When you’re 47 and you’re playing professional golf, you know the clock is ticking. Unless you have some major wins on the board, you know by the time you reach the big 50, you may have to move on to the Senior Tour.
So when 47-year-old professional Australian professional golfer, Rod Pampling, won his first major tournament on the US PGA Tour in November and then came out to compete in the Australian Open in Sydney a few weeks ago, everyone was watching with bated breath.
Could he beat 23-year-old American, Jordan Spieth, currently ranked the World’s 5th best player? Pampling was a contender for the title, right up to the end of the tournament.
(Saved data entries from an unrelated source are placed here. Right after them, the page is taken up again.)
(* Let $N\ge1$, $i\in\langle N\rangle$ and let $u$ be a word over $\langle N\rangle$ with $|u|\ge 2$. Then the antipode of the interval partition Hopf algebra $\mathcal H^N$ satisfies \[ S_{\mathcal H}(Y_u^i)=\sum_{T\in \mathbf{RT}_u^i}(-1)^{\mathbf v(T)}\,\Lambda_{\uparrow r}(T). \]
   Context: Let $\langle N\rangle=\{1,\dots,N\}$. For a word $u=u(1)\cdots u(p)$ over $\langle N\rangle$ write $|u|=p$. The interval partition Hopf algebra $\mathcal H=\mathcal H^N$ is, as an algebra, the free unital associative complex algebra on generators $Y_u^i$ ($i\in\langle N\rangle$, $|u|\ge 2$); one sets $Y_j^i=\delta_{ij}1$ for single letters $i,j$. Its counit $\varepsilon$ is the algebra homomorphism with $\varepsilon(Y_u^i)=0$, and its comultiplication is the algebra homomorphism $\Delta$ with $\Delta(Y_u^i)=\sum_{q=1}^{p}\sum_{(C_1,\dots,C_q)}\sum_{v\in\langle N\rangle^q} Y_{u|C_1}^{v(1)}\cdots Y_{u|C_q}^{v(q)}\otimes Y_v^i$, where $p=|u|$, the middle sum is over all partitions of $\{1,\dots,p\}$ into $q$ nonempty consecutive intervals $C_1<\dots<C_q$, and $u|C_k$ is the subword of $u$ indexed by $C_k$. It is a connected graded bialgebra with antipode $S_{\mathcal H}$. Trees: a colored planar tree is a finite rooted tree in which the children of each vertex are linearly ordered (left to right) and each vertex $x$ has a color $c(x)\in\langle N\rangle$, up to isomorphism preserving root, child orders and colors. A leaf has no children. A tree is reduced if every non-leaf vertex has at least two children. $\mathbf{RT}_u^i$ is the set of reduced colored planar trees whose root has color $i$ and whose leaves, read left to right, have colors $u(1),\dots,u(p)$. For a non-leaf vertex $x$ with children $y_1<\dots<y_k$, $Y(x)=Y^{c(x)}_{c(y_1)\cdots c(y_k)}$. $\mathbf v(T)$ is the number of non-leaf vertices. $\Lambda_{\uparrow r}(T)=Y(y_1)\cdots Y(y_r)$ where $y_1,\dots,y_r$ are the non-leaf vertices in the order $\prec_r$ defined by: $x\prec_r y$ iff either $y$ is a proper ancestor of $x$, or, letting $z$ be the nearest common ancestor of $x$ and $y$, the child of $z$ on the path to $x$ lies to the right of the child of $z$ on the path to $y$ (equivalently: postorder with children visited from right to left; the root comes last). *)

From HB Require Import structures.
From mathcomp Require Import all_boot all_order all_algebra.
From mathcomp Require Import reals.
From mathcomp Require Import complex.
From mathcomp Require Import finmap monalg.
From Stdlib Require List.
Set Implicit Arguments. Unset Strict Implicit. Unset Printing Implicit Defensive.
Import GRing.Theory.
Local Open Scope ring_scope.

(* Colors <N> = {1,...,N} are represented by 'I_N = {0,...,N-1}.
   The generators Y_u^i with |u| >= 2. *)
Definition IPGen (N : nat) := {p : 'I_N * seq 'I_N | (1 < size p.2)%N}.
He took out fourth position with Spieth securing first place.
We caught up with Pampling and asked him what are his plans for next year and how he keeps motivated.
WYZA: You played well at the Australian Open in Sydney a few weeks ago. Did you like the golf course?
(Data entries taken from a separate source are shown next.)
(* Let $l:\mathbb{R}^p\to\mathbb{R}$ be a convex and differentiable function, let $\lambda_1\ge\lambda_2\ge\dots\ge\lambda_p\ge 0$ be arbitrary, and let $$\hat b\in\operatorname{argmin}_{b\in\mathbb{R}^p}\Big\{l(b)+\sum_{i=1}^p\lambda_i|b|_{(i)}\Big\}.$$ Let $U(b)=-\nabla l(b)$ and for $a>0$ let $T(a)=U(\hat b)+a\hat b$. Assume $R:=\#\{i:\hat b_i\neq 0\}=r$. Then for any $a>0$ and every $i$: (1) $\hat b_i\neq 0 \iff |T_i(a)|>\lambda_r$; (2) $\hat b_i\neq 0 \implies |U_i(\hat b)|\ge\lambda_r$. Moreover, if $\lambda_1>\lambda_2>\dots>\lambda_p\ge 0$, then $|U_i(\hat b)|\ge\lambda_r\implies\hat b_i\neq 0$.
   Context: $|b|_{(1)}\ge\dots\ge|b|_{(p)}$ denote the ordered absolute values of the entries of $b\in\mathbb{R}^p$. *)

From HB Require Import structures.
From mathcomp Require Import all_boot all_order all_algebra.
From mathcomp Require Import all_classical all_reals all_analysis.
Set Implicit Arguments. Unset Strict Implicit. Unset Printing Implicit Defensive.
Import Order.TTheory GRing.Theory Num.Theory.
Import numFieldNormedType.Exports.
Local Open Scope ring_scope.

(* |b|_(k+1) : the (k+1)-th largest absolute value of the entries of b
   (0-based index k; entries sorted in nonincreasing order). *)
Definition ordabs (R : realType) (p : nat) (b : 'rV[R]_p) (k : nat) : R :=
  nth 0 (sort (fun x y : R => y <= x) [seq `|b 0 j| | j <- enum 'I_p]) k.

(* SLOPE penalty  sum_{i=1}^p lambda_i |b|_(i), with lambda_i = lam (i-1). *)
Definition slope_pen (R : realType) (p : nat) (lam : nat -> R) (b : 'rV[R]_p) : R :=
  \sum_(k < p) lam k * ordabs b k.

Definition convex_fun (R : realType) (p : nat) (l : 'rV[R]_p -> R) : Prop :=
  forall (x y : 'rV[R]_p) (t : R), 0 <= t <= 1 ->
    l (t *: x + (1 - t) *: y) <= t * l x + (1 - t) * l y.

Definition Ucoord (R : realType) (p : nat) (l : 'rV[R]_p -> R) (b : 'rV[R]_p)
  (i : 'I_p) : R := - derive l b (delta_mx 0 i : 'rV[R]_p).

Definition Tcoord (R : realType) (p : nat) (l : 'rV[R]_p -> R) (bhat : 'rV[R]_p)
  (a : R) (i : 'I_p) : R := Ucoord l bhat i + a * bhat 0 i.

(* Both claims are first-order conditions at the minimiser bhat, read off by
   moving the single coordinate b_i to b_i + h.  The SLOPE penalty pairs the
   sorted |b_j| with nonincreasing weights, so by the rearrangement inequality,
   if |b_i + h| has rank k among the new absolute values, the penalty rises by
   at most lambda_k (|b_i + h| - |b_i|).
   - If b_i = 0 and |h| is below every nonzero |b_j|, then k > r: the penalty
     rises by at most lambda_(r+1) |h|, and minimality gives
     |U_i| <= lambda_(r+1) <= lambda_r.
   - If b_i <> 0 and |b_i| shrinks without reaching 0, then k <= r: the penalty
     falls by at least lambda_r times the shrinkage, and minimality gives
     sg(b_i) U_i >= lambda_r; hence |T_i(a)| >= sg(b_i) U_i + a |b_i| > lambda_r. *)

From HB Require Import structures.
From mathcomp Require Import all_boot all_order all_algebra.
From mathcomp Require Import all_classical all_reals all_analysis.
From mathcomp Require Import ring lra zify.
Set Implicit Arguments. Unset Strict Implicit. Unset Printing Implicit Defensive.
Import Order.TTheory GRing.Theory Num.Theory.
Import numFieldNormedType.Exports.
Local Open Scope ring_scope.

Lemma perm_set_nth (T : eqType) (x0 : T) (s1 s2 : seq T) k1 k2 w :
  perm_eq s1 s2 -> (k1 < size s1)%N -> (k2 < size s2)%N ->
  nth x0 s1 k1 = nth x0 s2 k2 ->
  perm_eq (set_nth x0 s1 k1 w) (set_nth x0 s2 k2 w).
Proof.
move=> /permP eq12 lt1 lt2 e; apply/permP => a.
by rewrite !count_set_nth_ltn // eq12 e.
Qed.

Lemma mulr_sg_le_norm (R : realDomainType) (z b : R) : z * Num.sg b <= `|z|.
Proof.
by case: sgrP => _; rewrite ?mulr0 ?normr_ge0 ?mulr1 ?ler_norm // mulrN1 -normrN ler_norm.
Qed.

Section Rearrangement.
Variable R : realDomainType.
Implicit Types (lam : nat -> R) (s t : seq R).

Definition wsum lam s := \sum_(k < size s) lam k * s`_k.

Lemma wsum_cons lam x s :
  wsum lam (x :: s) = lam 0%N * x + wsum (fun k => lam k.+1) s.
Proof. by rewrite /wsum big_ord_recl. Qed.

Lemma wsum_set_nth lam s k w : (k < size s)%N ->
  wsum lam (set_nth 0 s k w) = wsum lam s + lam k * (w - s`_k).
Proof.
elim: s k lam => [|x s IHs] [|k] lam //= lt_k; rewrite !wsum_cons; first by ring.
by rewrite IHs //; ring.
Qed.

Lemma wsum_move_max_front lam u a w :
  (forall y, y \in u -> y <= a) ->
  (forall i j, (i <= j <= size u)%N -> lam j <= lam i) ->
  wsum lam (u ++ a :: w) <= wsum lam (a :: u ++ w).
Proof.
elim: u lam => [|b u IHu] lam le_a lam_noninc //=.
have le_ba : b <= a by apply: le_a; rewrite mem_head.
have lam10 : lam 1%N <= lam 0%N by apply: lam_noninc.
have le_ua : {in u, forall y, y <= a} by move=> y yu; rewrite le_a // inE yu orbT.
have := IHu (fun k => lam k.+1) le_ua (fun i j le_ij => lam_noninc i.+1 j.+1 le_ij).
rewrite !wsum_cons => IH.
have : 0 <= (lam 0%N - lam 1%N) * (a - b) by rewrite mulr_ge0 // subr_ge0.
lra.
Qed.

Lemma wsum_le_sorted lam s t :
  sorted >=%R s -> perm_eq s t ->
  (forall i j, (i <= j < size s)%N -> lam j <= lam i) ->
  wsum lam t <= wsum lam s.
Proof.
elim: s t lam => [|a s IHs] t lam sorted_s eq_st lam_noninc.
  by move: eq_st; rewrite perm_sym => /perm_nilP ->.
have /allP max_a := order_path_min ge_trans sorted_s.
have a_t : a \in t by rewrite -(perm_mem eq_st) mem_head.
case/splitPr: a_t eq_st => u w eq_st.
have eq_s : perm_eq s (u ++ w).
  by rewrite -(perm_cons a) (permPl eq_st) -cat1s perm_catCA.
have size_s : size (a :: s) = (size u + (size w).+1)%N.
  by rewrite (perm_size eq_st) size_cat.
apply: le_trans (wsum_move_max_front w _ _) _.
- by move=> y yu; apply: max_a; rewrite (perm_mem eq_s) mem_cat yu.
- move=> i j /andP[le_ij le_j]; apply: lam_noninc.
  by rewrite le_ij size_s (leq_ltn_trans le_j) // addnS ltnS leq_addr.
rewrite !wsum_cons lerD2l; apply: IHs => //; first exact: path_sorted sorted_s.
by move=> i j le_ij; apply: lam_noninc.
Qed.

Lemma sorted_ge_nth s m n : sorted >=%R s ->
  (m <= n < size s)%N -> s`_n <= s`_m.
Proof.
move=> sorted_s /andP[le_mn lt_n].
apply: (sorted_leq_nth ge_trans ge_refl 0 sorted_s)
  => //; rewrite inE //; exact: leq_ltn_trans lt_n.
Qed.

Lemma count_gt_le_index s v : sorted >=%R s -> v \in s ->
  (count (<%R v) s <= index v s)%N.
Proof.
move=> sorted_s vs; set k := index v s.
rewrite -[s in count _ s](cat_take_drop k) count_cat.
have -> : count (<%R v) (drop k s) = 0%N.
  apply/eqP; rewrite -leqn0 leqNgt -has_count; apply/hasPn => z /(nthP 0)[m lt_m <-].
  rewrite size_drop in lt_m.
  rewrite nth_drop -leNgt -[X in _ <= X](nth_index 0 vs) sorted_ge_nth // leq_addr /=.
  by rewrite -ltn_subRL.
by rewrite addn0 (leq_trans (count_size _ _)) // size_take_min geq_minl.
Qed.

Lemma index_lt_count_gt s v c : sorted >=%R s -> v \in s ->
  c < v -> (index v s < count (<%R c) s)%N.
Proof.
move=> sorted_s vs lt_cv; set k := index v s.
have lt_k : (k < size s)%N by rewrite index_mem.
rewrite -[s in count _ s](cat_take_drop k.+1) count_cat.
have -> : count (<%R c) (take k.+1 s) = k.+1.
  have size_take : size (take k.+1 s) = k.+1 by rewrite size_takel.
  apply/eqP; rewrite -{2}size_take -all_count; apply/allP => z /(nthP 0)[m lt_m <-].
  rewrite size_take in lt_m; rewrite nth_take //.
  by rewrite (lt_le_trans lt_cv) // -{1}(nth_index 0 vs) sorted_ge_nth // -ltnS lt_m.
exact: leq_addr.
Qed.

End Rearrangement.

Section SortedAbs.
Variables (R : realType) (p : nat).
Implicit Types (lam : nat -> R) (x y : 'rV[R]_p).

Definition abs_entries x := [seq `|x 0 j| | j <- enum 'I_p].
Definition sort_abs x := sort >=%R (abs_entries x).

Lemma size_abs_entries x : size (abs_entries x) = p.
Proof. by rewrite size_map size_enum_ord. Qed.

Lemma size_sort_abs x : size (sort_abs x) = p.
Proof. by rewrite size_sort size_abs_entries. Qed.

Lemma sort_abs_sorted x : sorted >=%R (sort_abs x).
Proof. exact/sort_sorted/ge_total. Qed.

Lemma perm_sort_abs x : perm_eq (sort_abs x) (abs_entries x).
Proof. by rewrite perm_sort. Qed.

Lemma nth_abs_entries x (j : 'I_p) : (abs_entries x)`_j = `|x 0 j|.
Proof. by rewrite (nth_map j) ?size_enum_ord // nth_ord_enum. Qed.

Lemma mem_sort_abs x j : `|x 0 j| \in sort_abs x.
Proof.
by rewrite (perm_mem (perm_sort_abs x)) (map_f (fun j => `|x 0 j|)) ?mem_enum.
Qed.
ROD PAMPLING: It’s good. I certainly enjoy the golf course. Obviously the Australian fits my eye a little bit better, but the golf course is good. Although, the greens seem very small. They seem a lot smaller than I remember, but the course is playing great.
WYZA: It’s great to have you here, Australia’s most recent PGA Tour winner. I’m sure that was a very special day in your career. Can you talk us through it?
ROD PAMPLING: Obviously, it was huge. Besides the Bay Hill event, it was right up there with all the other wins. They’re all very special but just to re-ignite the career, I guess, and give myself the freedom to plan what I want to do for the next few years. It’s a huge burden off the shoulders and I’m looking forward to what comes the next few years.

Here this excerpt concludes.